Rather than building the pipeline manually, you can use the `ChatHistoryCompactionPipeline.Create` factory method for common configurations:

```csharp
// Aggressive: ToolResult → Summarization → SlidingWindow → Truncation
ChatHistoryCompactionPipeline pipeline = ChatHistoryCompactionPipeline.Create(
ChatHistoryCompactionPipeline.Approach.Aggressive,
ChatHistoryCompactionPipeline.Size.Compact,
summarizerChatClient);

// Balanced: ToolResult → SlidingWindow (no LLM required)
ChatHistoryCompactionPipeline pipeline = ChatHistoryCompactionPipeline.Create(
ChatHistoryCompactionPipeline.Approach.Balanced,
ChatHistoryCompactionPipeline.Size.Adequate,
summarizerChatClient);

// Gentle: ToolResult only
ChatHistoryCompactionPipeline pipeline = ChatHistoryCompactionPipeline.Create(
ChatHistoryCompactionPipeline.Approach.Gentle,
ChatHistoryCompactionPipeline.Size.Accomodating,
summarizerChatClient);
```

### Attaching the pipeline to an agent

Pass the pipeline as the `ChatReducer` property on `InMemoryChatHistoryProviderOptions`:

```csharp
AIAgent agent = agentChatClient.AsAIAgent(
new ChatClientAgentOptions
{
ChatHistoryProvider = new InMemoryChatHistoryProvider(new() { ChatReducer = compactionPipeline }),
});
```

## Prerequisites

Before you begin, ensure you have the following prerequisites:

- .NET 10 SDK or later
- Azure OpenAI service endpoint and a chat model deployment (e.g., `gpt-4o-mini`)
- Azure CLI installed and authenticated (for Azure credential authentication)
- User has the `Cognitive Services OpenAI Contributor` role for the Azure OpenAI resource

**Note**: This sample uses Azure OpenAI models. For more information, see [how to deploy Azure OpenAI models with Azure AI Foundry](https://learn.microsoft.com/en-us/azure/ai-foundry/how-to/deploy-models-openai).

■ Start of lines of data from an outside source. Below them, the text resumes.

Lemma der_topM f g i j a b : der_top f i a -> der_top g j b ->
  der_top (f * g) (i + j) ('C(i + j, i)%:R * a * b).
Proof.
have ker_ab a' b' c : d a' = 0 -> d b' = 0 -> d (c%:R * a' * b') = 0.
  by move=> Da Db; rewrite !der_mul_ker ?der_natr.
elim: i j f g a b => [|i IHi] j f g a b [Df Da] [Dg Db].
  move: Df => /= ->; rewrite add0n bin0 mul1r.
  by split; [rewrite iter_der_mull // Dg | exact: der_mul_ker].
elim: j g b Dg Db => [|j IHj] g b Dg Db.
  move: Dg => /= ->; rewrite addn0 binn mul1r.
  by split; [rewrite mulrC iter_der_mull // Df mulrC | exact: der_mul_ker].
have Ddf : iter i d (d f) = a by rewrite -iterSr.
have Ddg : iter j d (d g) = b by rewrite -iterSr.
have [Ddfg _] := IHi j.+1 (d f) g a b (conj Ddf Da) (conj Dg Db).
have [Dfdg _] := IHj (d g) b Ddg Db.
rewrite addSnnS in Dfdg; split; last exact: ker_ab.
rewrite addSn binS natrD !mulrDl iterSr derM iter_derD Ddfg Dfdg.
exact: addrC.
Qed.

Lemma der_topX f a j : der_top f 1 a -> der_top (f ^+ j) j (j`!%:R * a ^+ j).
Proof.
move=> top_f; elim: j => [|j IH]; first by split; rewrite ?mul1r ?der1.
have top_fj1 := der_topM IH top_f; rewrite addn1 in top_fj1.
rewrite exprSr; congr (der_top _ _ _): top_fj1.
by rewrite binSn factS natrM exprSr; ring.
Qed.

**Note**: This sample uses Azure CLI credentials for authentication. Make sure you're logged in with `az login` and have access to the Azure OpenAI resource. For more information, see the [Azure CLI documentation](https://learn.microsoft.com/cli/azure/authenticate-azure-cli-interactively).

## Environment Variables

Set the following environment variables:

```powershell
$env:AZURE_OPENAI_ENDPOINT="https://your-resource.openai.azure.com/" # Replace with your Azure OpenAI resource endpoint
$env:AZURE_OPENAI_DEPLOYMENT_NAME="gpt-4o-mini" # Optional, defaults to gpt-4o-mini
```

## Run the sample

Navigate to the sample directory and run:

```powershell
cd dotnet/samples/02-agents/Agents/Agent_Step18_CompactionPipeline
dotnet run
```

## Expected behavior

The sample creates a shopping assistant agent that can look up product prices via a tool. It then runs a seven-turn conversation that exercises the compaction pipeline:

1. The agent answers each price query by calling the `LookupPrice` tool
2. After each turn, the current chat history size is printed
3. As the conversation grows, the pipeline triggers — first collapsing tool-call groups, then summarizing or sliding the window — keeping the history count low
4. The agent continues to answer questions coherently even after earlier turns have been compacted

The printed history counts will decrease at the turns where compaction fires, illustrating how the pipeline keeps the conversation within its configured budgets.